(Saved entries)

____

(* Let $(R,[\cdot_\lambda\cdot],\alpha,\beta)$ be a BiHom-Lie conformal superalgebra and let $k\geq 0$ be an integer. Then $(R,[\cdot_\lambda\cdot]',\alpha^{k+1},\beta^{k+1})$, where $[a_\lambda b]'=[\alpha^k(a)_\lambda\beta^k(b)]$, is a BiHom-Lie conformal superalgebra.
   Context: All spaces are over $\mathbb{C}$. For a $\mathbb{C}[\partial]$-module $V$, $V[\lambda]=\mathbb{C}[\lambda]\otimes V$. $|a|$ denotes the parity of a homogeneous element. In $[x_{-\lambda-\partial}y]$ one writes $[x_\lambda y]=\sum_n\lambda^nc_n$ and replaces $\lambda$ by $-\lambda-\partial$, $\partial$ acting on the $c_n$. A BiHom-Lie conformal superalgebra $(R,[\cdot_\lambda\cdot],\alpha,\beta)$ is a $\mathbb{Z}_2$-graded $\mathbb{C}[\partial]$-module $R=R_0\oplus R_1$ with two commuting linear maps $\alpha,\beta:R\to R$ and a $\mathbb{C}$-linear map $R\otimes R\to R[\lambda]$, $a\otimes b\mapsto[a_\lambda b]$, with $[R_{i\,\lambda}R_j]\subseteq R_{i+j}[\lambda]$, such that for all homogeneous $a,b,c\in R$: (1) $\alpha\partial=\partial\alpha$, $\beta\partial=\partial\beta$; (2) $\alpha([a_\lambda b])=[\alpha(a)_\lambda\alpha(b)]$, $\beta([a_\lambda b])=[\beta(a)_\lambda\beta(b)]$; (3) $[(\partial a)_\lambda b]=-\lambda[a_\lambda b]$, $[a_\lambda(\partial b)]=(\partial+\lambda)[a_\lambda b]$; (4) $[\beta(a)_\lambda\alpha(b)]=-(-1)^{|a||b|}[\beta(b)_{-\lambda-\partial}\alpha(a)]$; (5) $[\alpha\beta(a)_\lambda[b_\mu c]]=[[\beta(a)_\lambda b]_{\lambda+\mu}\beta(c)]+(-1)^{|a||b|}[\beta(b)_\mu[\alpha(a)_\lambda c]]$. *)

From mathcomp Require Import all_boot all_algebra.
From mathcomp Require Import complex.
From mathcomp Require Import Rstruct.
Set Implicit Arguments. Unset Strict Implicit. Unset Printing Implicit Defensive.
Import GRing.Theory.
Local Open Scope ring_scope.

Definition CC : fieldType := (Rdefinitions.R)[i].

Section BiHomLCSA.
Variable V : lmodType CC.

(* An element of V[lambda] is represented by its list of coefficients
   s = [:: c_0; c_1; ...], i.e. sum_n lambda^n c_n; coefficients are read
   with [coef s n] (0 beyond the list), so trailing zeros are irrelevant. *)
Definition coef (s : seq V) (n : nat) : V := nth 0 s n.

(* coefficient of lambda^n in  lambda * p(lambda) *)
Definition lam_mul_coef (s : seq V) (n : nat) : V :=
  if n is n'.+1 then coef s n' else 0.

(* coefficient of lambda^k in  sum_m (-lambda - d)^m c_m
   = sum_{m >= k} (-1)^m binom(m,k) d^(m-k) c_m *)
Definition subst_coef (d : V -> V) (s : seq V) (k : nat) : V :=
  \sum_(m < size s | (k <= m)%N)
     (((-1) ^+ m * ('C(m, k))%:R : CC) *: iter (m - k) d (coef s m)).

(* sign (-1)^{|a||b|} for parities i j (false = even, true = odd) *)
Definition psign (i j : bool) : CC := if i && j then -1 else 1.

Definition is_lin (f : V -> V) : Prop :=
  forall (k : CC) x y, f (k *: x + y) = k *: f x + f y.

(* (R, [._lambda .], alpha, beta) is a BiHom-Lie conformal superalgebra,
   where R = V is a Z2-graded C[d]-module with homogeneous components
   par false (= R_0) and par true (= R_1), and br a b is [a_lambda b]. *)
Definition BiHomLCSA (par : bool -> pred V) (d : V -> V)
    (br : V -> V -> seq V) (al be : V -> V) : Prop :=
  [/\ is_lin d,
      (forall i, 0 \in par i),
      (forall i (k : CC) x y, x \in par i -> y \in par i -> k *: x + y \in par i),
      (forall x, exists x0 x1, [/\ x0 \in par false, x1 \in par true & x = x0 + x1]) &
      (forall x, x \in par false -> x \in par true -> x = 0)] /\
  (forall i x, x \in par i -> d x \in par i) /\
  [/\ is_lin al, is_lin be,
      (forall x, al (be x) = be (al x)),
      (forall i x, x \in par i -> al x \in par i) &
      (forall i x, x \in par i -> be x \in par i)] /\
  [/\ (forall (k : CC) a a' b n,
         coef (br (k *: a + a') b) n = k *: coef (br a b) n + coef (br a' b) n),
      (forall (k : CC) a b b' n,
         coef (br a (k *: b + b')) n = k *: coef (br a b) n + coef (br a b') n) &
      (forall i j a b n, a \in par i -> b \in par j ->
         coef (br a b) n \in par (i (+) j))] /\
  (forall x, al (d x) = d (al x)) /\ (forall x, be (d x) = d (be x)) /\
  (forall a b n, al (coef (br a b) n) = coef (br (al a) (al b)) n) /\
  (forall a b n, be (coef (br a b) n) = coef (br (be a) (be b)) n) /\
  (forall a b n, coef (br (d a) b) n = - lam_mul_coef (br a b) n) /\
  (forall a b n, coef (br a (d b)) n = d (coef (br a b) n) + lam_mul_coef (br a b) n) /\
  (* axiom (4): skew-symmetry, coefficientwise in lambda *)
  (forall i j a b n, a \in par i -> b \in par j ->
     coef (br (be a) (al b)) n = - (psign i j *: subst_coef d (br (be b) (al a)) n)) /\
  (* axiom (5): BiHom-Jacobi identity, coefficient of lambda^p mu^q *)
  (forall i j a b c p q, a \in par i -> b \in par j ->
     coef (br (al (be a)) (coef (br b c) q)) p =
       \sum_(r < p.+1)
          (('C(p - r + q, q))%:R : CC) *: coef (br (coef (br (be a) b) r) (be c)) (p - r + q)
       + psign i j *: coef (br (be b) (coef (br (al a) c) p)) q).

End BiHomLCSA.

(* Write A := alpha^k and B := beta^k, so that [a_lambda b]' = [A a_lambda B b].
   Since d, alpha and beta commute with A and B, and A, B are multiplicative, all
   axioms except (4) and (5) transfer directly.  For those, the new maps absorb
   the twist: [beta^(k+1) a_lambda alpha^(k+1) b]' = [beta(A B a)_lambda alpha(A B b)],
   so skew-symmetry for a, b is the original one for A B a, A B b; likewise the
   twisted Jacobi identity for a, b, c is the original one for A^2 B a, A B b and
   B^2 c. *)

From mathcomp Require Import all_boot all_algebra.
From mathcomp Require Import complex.
From mathcomp Require Import Rstruct.
Set Implicit Arguments. Unset Strict Implicit.
Local Open Scope ring_scope.

Section IterComm.
Variables (T : Type) (f g : T -> T).
Hypothesis fg : forall x, f (g x) = g (f x).

Lemma iter_comm1 m x : iter m f (g x) = g (iter m f x).
Proof. by elim: m => [|m IH] //=; rewrite IH fg. Qed.

Lemma iter_comm m n x : iter m f (iter n g x) = iter n g (iter m f x).
Proof. by elim: n => [|n IH] //=; rewrite iter_comm1 IH. Qed.

End IterComm.

Lemma iter_homo (T : Type) (P : pred T) (f : T -> T) n :
  {homo f : x / x \in P} -> {homo iter n f : x / x \in P}.
Proof. by move=> fP x Px; elim: n => [|n IH] //=; apply: fP. Qed.

Section Twist.
Variable V : lmodType CC.
Implicit Types (par : bool -> pred V) (d f al be : V -> V) (br : V -> V -> seq V).

Definition even_commuting_maps par al be :=
  [/\ is_lin al, is_lin be, (forall x, al (be x) = be (al x)),
      (forall i, {homo al : x / x \in par i}) & (forall i, {homo be : x / x \in par i})].

Definition graded_bilinear_bracket par br :=
  [/\ (forall (c : CC) a a' b n,
         coef (br (c *: a + a') b) n = c *: coef (br a b) n + coef (br a' b) n),
      (forall (c : CC) a b b' n,
         coef (br a (c *: b + b')) n = c *: coef (br a b) n + coef (br a b') n) &
      (forall i j a b n, a \in par i -> b \in par j ->
         coef (br a b) n \in par (i (+) j))].

Definition bracket_multiplicative br f :=
  forall a b n, f (coef (br a b) n) = coef (br (f a) (f b)) n.

Definition skew_symmetric par d br al be :=
  forall i j a b n, a \in par i -> b \in par j ->
    coef (br (be a) (al b)) n = - (psign i j *: subst_coef d (br (be b) (al a)) n).

Definition bihom_jacobi par br al be :=
  forall i j a b c p q, a \in par i -> b \in par j ->
    coef (br (al (be a)) (coef (br b c) q)) p =
      \sum_(r < p.+1)
         (('C(p - r + q, q))%:R : CC) *: coef (br (coef (br (be a) b) r) (be c)) (p - r + q)
      + psign i j *: coef (br (be b) (coef (br (al a) c) p)) q.

Definition twist_bracket br al be k a b := br (iter k al a) (iter k be b).

Lemma iter_is_lin f n : is_lin f -> is_lin (iter n f).
Proof. by move=> f_lin; elim: n => [|n IH] c x y //=; rewrite IH f_lin. Qed.

Lemma iter_bracket_multiplicative br f n :
  bracket_multiplicative br f -> bracket_multiplicative br (iter n f).
Proof. by move=> f_br a b m; elim: n => [|n IH] //=; rewrite IH f_br. Qed.

Lemma iter_even_commuting_maps par al be m n :
  even_commuting_maps par al be -> even_commuting_maps par (iter m al) (iter n be).
Proof.
case=> al_lin be_lin al_be al_par be_par; split.
- exact: iter_is_lin.
- exact: iter_is_lin.
- exact: iter_comm.
- by move=> i; apply: iter_homo.
- by move=> i; apply: iter_homo.
Qed.

Variables (par : bool -> pred V) (d : V -> V) (br : V -> V -> seq V) (al be : V -> V).
Variable k : nat.
Hypothesis al_be : forall x, al (be x) = be (al x).
Hypothesis al_par : forall i, {homo al : x / x \in par i}.
Hypothesis be_par : forall i, {homo be : x / x \in par i}.

Let be_al x : be (al x) = al (be x). Proof. by rewrite al_be. Qed.

Lemma twist_graded_bilinear_bracket :
  is_lin al -> is_lin be ->
  graded_bilinear_bracket par br -> graded_bilinear_bracket par (twist_bracket br al be k).
Proof.
move=> al_lin be_lin [br_linl br_linr br_par].
split=> [c a a' b n | c a b b' n | i j a b n Ha Hb]; rewrite /twist_bracket.
- by rewrite (iter_is_lin _ al_lin) br_linl.
- by rewrite (iter_is_lin _ be_lin) br_linr.
- by apply: br_par; apply: iter_homo.
Qed.

Lemma twist_bracket_multiplicative f :
  (forall x, al (f x) = f (al x)) -> (forall x, be (f x) = f (be x)) ->
  bracket_multiplicative br f -> bracket_multiplicative (twist_bracket br al be k) f.
Proof.
move=> al_f be_f f_br a b n.
by rewrite /twist_bracket f_br -(iter_comm1 al_f) -(iter_comm1 be_f).
Qed.

Lemma iter_twist_al x : iter k be (iter k.+1 al x) = al (iter k al (iter k be x)).
Proof. by rewrite iterS (iter_comm1 be_al) (iter_comm be_al). Qed.

Lemma iter_twist_be x : iter k al (iter k.+1 be x) = be (iter k al (iter k be x)).
Proof. by rewrite iterS (iter_comm1 al_be). Qed.

Lemma twist_skew_symmetric :
  skew_symmetric par d br al be ->
  skew_symmetric par d (twist_bracket br al be k) (iter k.+1 al) (iter k.+1 be).
Proof.
move=> skew i j a b n Ha Hb.
rewrite /twist_bracket !iter_twist_al !iter_twist_be.
by apply: skew; do 2 apply: iter_homo => //.
Qed.

Hypothesis al_br : bracket_multiplicative br al.
Hypothesis be_br : bracket_multiplicative br be.

Lemma twist_bracket_multiplicative_iter_al n :
  bracket_multiplicative (twist_bracket br al be k) (iter n al).
Proof.
apply: twist_bracket_multiplicative.
- exact: iterSr.
- by move=> x; rewrite (iter_comm1 al_be).
- exact: iter_bracket_multiplicative.
Qed.

Lemma twist_bracket_multiplicative_iter_be n :
  bracket_multiplicative (twist_bracket br al be k) (iter n be).
Proof.
apply: twist_bracket_multiplicative.
- by move=> x; rewrite (iter_comm1 be_al).
- exact: iterSr.
- exact: iter_bracket_multiplicative.
Qed.

Lemma twist_bihom_jacobi :
  bihom_jacobi par br al be ->
  bihom_jacobi par (twist_bracket br al be k) (iter k.+1 al) (iter k.+1 be).
Proof.
move=> jacobi i j a b c p q Ha Hb.
pose a1 := iter k al (iter k al (iter k be a)).
pose b1 := iter k al (iter k be b).
pose c1 := iter k be (iter k be c).
have A2_be : iter k al (iter k al (iter k.+1 be a)) = be a1.
  by rewrite iterS !(iter_comm1 al_be).
have A_al_be : iter k al (iter k.+1 al (iter k.+1 be a)) = al (be a1).
  by rewrite iterS (iter_comm1 (fun=> erefl)) A2_be.
have B_A_al : iter k be (iter k al (iter k.+1 al a)) = al a1.
  by rewrite iterS (iter_comm1 (fun=> erefl)) (iter_comm1 be_al) !(iter_comm be_al).
have B_be : iter k be (iter k.+1 be c) = be c1.
  by rewrite iterS (iter_comm1 (fun=> erefl)).
have B_A : iter k be (iter k al b) = b1 by rewrite (iter_comm be_al).
rewrite /twist_bracket !(iter_bracket_multiplicative _ be_br).
under eq_bigr => r _ do rewrite (iter_bracket_multiplicative _ al_br).
rewrite A_al_be B_A A2_be B_be iter_twist_be B_A_al.
by apply: jacobi; rewrite /a1 /b1; do 3?apply: iter_homo => //.
Qed.

End Twist.

Theorem mainTheorem3 (V : lmodType CC) (par : bool -> pred V) (d : V -> V)
    (br : V -> V -> seq V) (al be : V -> V) (k : nat) :
  BiHomLCSA par d br al be ->
  BiHomLCSA par d (fun a b => br (iter k al a) (iter k be b))
    (iter k.+1 al) (iter k.+1 be).
Proof.
move=> [graded_module [d_even [maps [bracket [al_d [be_d [al_br [be_br [br_dl [br_dr [skew jacobi]]]]]]]]]]].
have [al_lin be_lin al_be al_par be_par] := maps.
do 2 split=> //.
split; first exact: iter_even_commuting_maps.
split; first exact: twist_graded_bilinear_bracket.
split; first exact: iter_comm1.
split; first exact: iter_comm1.
split; first exact: (twist_bracket_multiplicative_iter_al k al_be al_br k.+1).
split; first exact: (twist_bracket_multiplicative_iter_be k al_be be_br k.+1).
split; first by move=> a b n; rewrite /= (iter_comm1 al_d) br_dl.
split; first by move=> a b n; rewrite /= (iter_comm1 be_d) br_dr.
split; first exact: (twist_skew_symmetric k al_be al_par be_par).
exact: (twist_bihom_jacobi k al_be al_par be_par al_br be_br).
Qed.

____

§ EXERCISE BRIEF: Your answer should consist of the lines from the line with "- by move=> x; rewrite (iter_comm1 be_al)." to the line with "by rewrite iterS (iter_comm1 (fun=> erefl))." above, repeated exactly, both ends included.

§ RESPONSE BOX:
- by move=> x; rewrite (iter_comm1 be_al).
- exact: iterSr.
- exact: iter_bracket_multiplicative.
Qed.

Lemma twist_bihom_jacobi :
  bihom_jacobi par br al be ->
  bihom_jacobi par (twist_bracket br al be k) (iter k.+1 al) (iter k.+1 be).
Proof.
move=> jacobi i j a b c p q Ha Hb.
pose a1 := iter k al (iter k al (iter k be a)).
pose b1 := iter k al (iter k be b).
pose c1 := iter k be (iter k be c).
have A2_be : iter k al (iter k al (iter k.+1 be a)) = be a1.
  by rewrite iterS !(iter_comm1 al_be).
have A_al_be : iter k al (iter k.+1 al (iter k.+1 be a)) = al (be a1).
  by rewrite iterS (iter_comm1 (fun=> erefl)) A2_be.
have B_A_al : iter k be (iter k al (iter k.+1 al a)) = al a1.
  by rewrite iterS (iter_comm1 (fun=> erefl)) (iter_comm1 be_al) !(iter_comm be_al).
have B_be : iter k be (iter k.+1 be c) = be c1.
  by rewrite iterS (iter_comm1 (fun=> erefl)).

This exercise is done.